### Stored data
Segment Open
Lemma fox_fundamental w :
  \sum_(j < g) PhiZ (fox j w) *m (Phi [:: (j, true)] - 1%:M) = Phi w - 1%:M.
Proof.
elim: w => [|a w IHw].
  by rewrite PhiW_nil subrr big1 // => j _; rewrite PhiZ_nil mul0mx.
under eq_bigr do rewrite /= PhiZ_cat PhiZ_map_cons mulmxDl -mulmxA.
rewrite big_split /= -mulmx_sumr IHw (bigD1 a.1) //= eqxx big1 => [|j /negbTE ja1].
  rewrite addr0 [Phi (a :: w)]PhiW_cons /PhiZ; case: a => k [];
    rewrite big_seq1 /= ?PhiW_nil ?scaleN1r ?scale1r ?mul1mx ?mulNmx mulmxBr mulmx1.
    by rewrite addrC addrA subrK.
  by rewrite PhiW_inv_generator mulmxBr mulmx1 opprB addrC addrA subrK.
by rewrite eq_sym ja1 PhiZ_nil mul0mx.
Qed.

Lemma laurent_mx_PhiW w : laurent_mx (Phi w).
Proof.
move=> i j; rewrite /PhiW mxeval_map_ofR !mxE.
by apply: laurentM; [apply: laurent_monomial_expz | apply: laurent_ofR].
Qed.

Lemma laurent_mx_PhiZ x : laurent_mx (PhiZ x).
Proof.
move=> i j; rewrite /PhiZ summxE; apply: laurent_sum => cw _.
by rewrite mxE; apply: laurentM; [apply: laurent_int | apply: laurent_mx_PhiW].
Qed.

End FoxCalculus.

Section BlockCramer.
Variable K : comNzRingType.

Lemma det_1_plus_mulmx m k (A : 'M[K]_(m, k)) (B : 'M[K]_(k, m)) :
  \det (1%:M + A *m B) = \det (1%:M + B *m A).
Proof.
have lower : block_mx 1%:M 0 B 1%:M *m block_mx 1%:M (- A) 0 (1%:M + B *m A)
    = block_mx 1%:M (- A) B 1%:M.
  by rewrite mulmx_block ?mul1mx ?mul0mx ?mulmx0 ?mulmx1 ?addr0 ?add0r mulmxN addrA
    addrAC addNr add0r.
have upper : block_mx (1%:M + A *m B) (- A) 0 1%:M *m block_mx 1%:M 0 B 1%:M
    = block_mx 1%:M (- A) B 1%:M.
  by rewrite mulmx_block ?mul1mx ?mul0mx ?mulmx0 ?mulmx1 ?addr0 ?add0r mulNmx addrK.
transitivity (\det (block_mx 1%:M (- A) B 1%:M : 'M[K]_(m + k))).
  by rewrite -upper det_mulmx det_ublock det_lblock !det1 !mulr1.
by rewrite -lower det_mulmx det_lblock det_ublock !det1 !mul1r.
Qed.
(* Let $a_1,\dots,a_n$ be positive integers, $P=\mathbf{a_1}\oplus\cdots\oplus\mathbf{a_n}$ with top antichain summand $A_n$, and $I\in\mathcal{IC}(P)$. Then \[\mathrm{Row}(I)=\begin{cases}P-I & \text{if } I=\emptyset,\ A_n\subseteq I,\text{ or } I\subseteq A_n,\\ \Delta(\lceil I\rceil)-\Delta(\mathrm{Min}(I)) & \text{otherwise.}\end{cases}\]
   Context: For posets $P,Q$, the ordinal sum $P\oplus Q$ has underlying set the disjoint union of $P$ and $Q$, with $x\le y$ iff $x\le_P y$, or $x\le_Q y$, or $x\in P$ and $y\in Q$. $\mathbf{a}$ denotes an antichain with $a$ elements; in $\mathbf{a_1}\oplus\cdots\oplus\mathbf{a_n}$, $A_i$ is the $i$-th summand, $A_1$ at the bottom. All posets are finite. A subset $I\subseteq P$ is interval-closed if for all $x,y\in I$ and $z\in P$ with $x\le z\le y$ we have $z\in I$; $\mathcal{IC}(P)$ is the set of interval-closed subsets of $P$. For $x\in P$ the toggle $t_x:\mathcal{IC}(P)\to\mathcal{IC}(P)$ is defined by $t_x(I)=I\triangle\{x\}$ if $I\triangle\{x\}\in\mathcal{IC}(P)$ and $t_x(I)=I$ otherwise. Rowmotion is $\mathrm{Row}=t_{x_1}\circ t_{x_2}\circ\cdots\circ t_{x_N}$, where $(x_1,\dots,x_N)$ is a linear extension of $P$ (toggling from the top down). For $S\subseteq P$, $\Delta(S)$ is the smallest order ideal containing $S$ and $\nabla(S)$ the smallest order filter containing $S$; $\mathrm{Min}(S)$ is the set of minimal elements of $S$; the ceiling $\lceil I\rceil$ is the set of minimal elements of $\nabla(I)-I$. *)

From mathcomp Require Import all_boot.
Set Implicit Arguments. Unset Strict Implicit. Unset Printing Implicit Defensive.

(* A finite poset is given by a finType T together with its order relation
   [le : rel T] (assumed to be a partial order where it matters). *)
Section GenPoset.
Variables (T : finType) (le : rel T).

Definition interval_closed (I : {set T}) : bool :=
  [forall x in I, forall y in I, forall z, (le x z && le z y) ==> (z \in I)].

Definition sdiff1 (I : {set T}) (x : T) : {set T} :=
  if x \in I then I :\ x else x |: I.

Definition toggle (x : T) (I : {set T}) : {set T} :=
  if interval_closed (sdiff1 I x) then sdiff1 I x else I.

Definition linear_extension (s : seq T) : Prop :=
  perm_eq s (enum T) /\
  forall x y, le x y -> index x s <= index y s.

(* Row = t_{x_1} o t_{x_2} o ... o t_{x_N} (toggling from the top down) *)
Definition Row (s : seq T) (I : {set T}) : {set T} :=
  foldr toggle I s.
Segment Closed
Each line from the one that includes "Variables (T : finType) (le : rel T)." down to the close of the records above is to be given again exactly, and no other line is to appear.

### PROBLEM SOLUTION
Variables (T : finType) (le : rel T).

Definition interval_closed (I : {set T}) : bool :=
  [forall x in I, forall y in I, forall z, (le x z && le z y) ==> (z \in I)].

Definition sdiff1 (I : {set T}) (x : T) : {set T} :=
  if x \in I then I :\ x else x |: I.

Definition toggle (x : T) (I : {set T}) : {set T} :=
  if interval_closed (sdiff1 I x) then sdiff1 I x else I.

Definition linear_extension (s : seq T) : Prop :=
  perm_eq s (enum T) /\
  forall x y, le x y -> index x s <= index y s.

(* Row = t_{x_1} o t_{x_2} o ... o t_{x_N} (toggling from the top down) *)
Definition Row (s : seq T) (I : {set T}) : {set T} :=
  foldr toggle I s.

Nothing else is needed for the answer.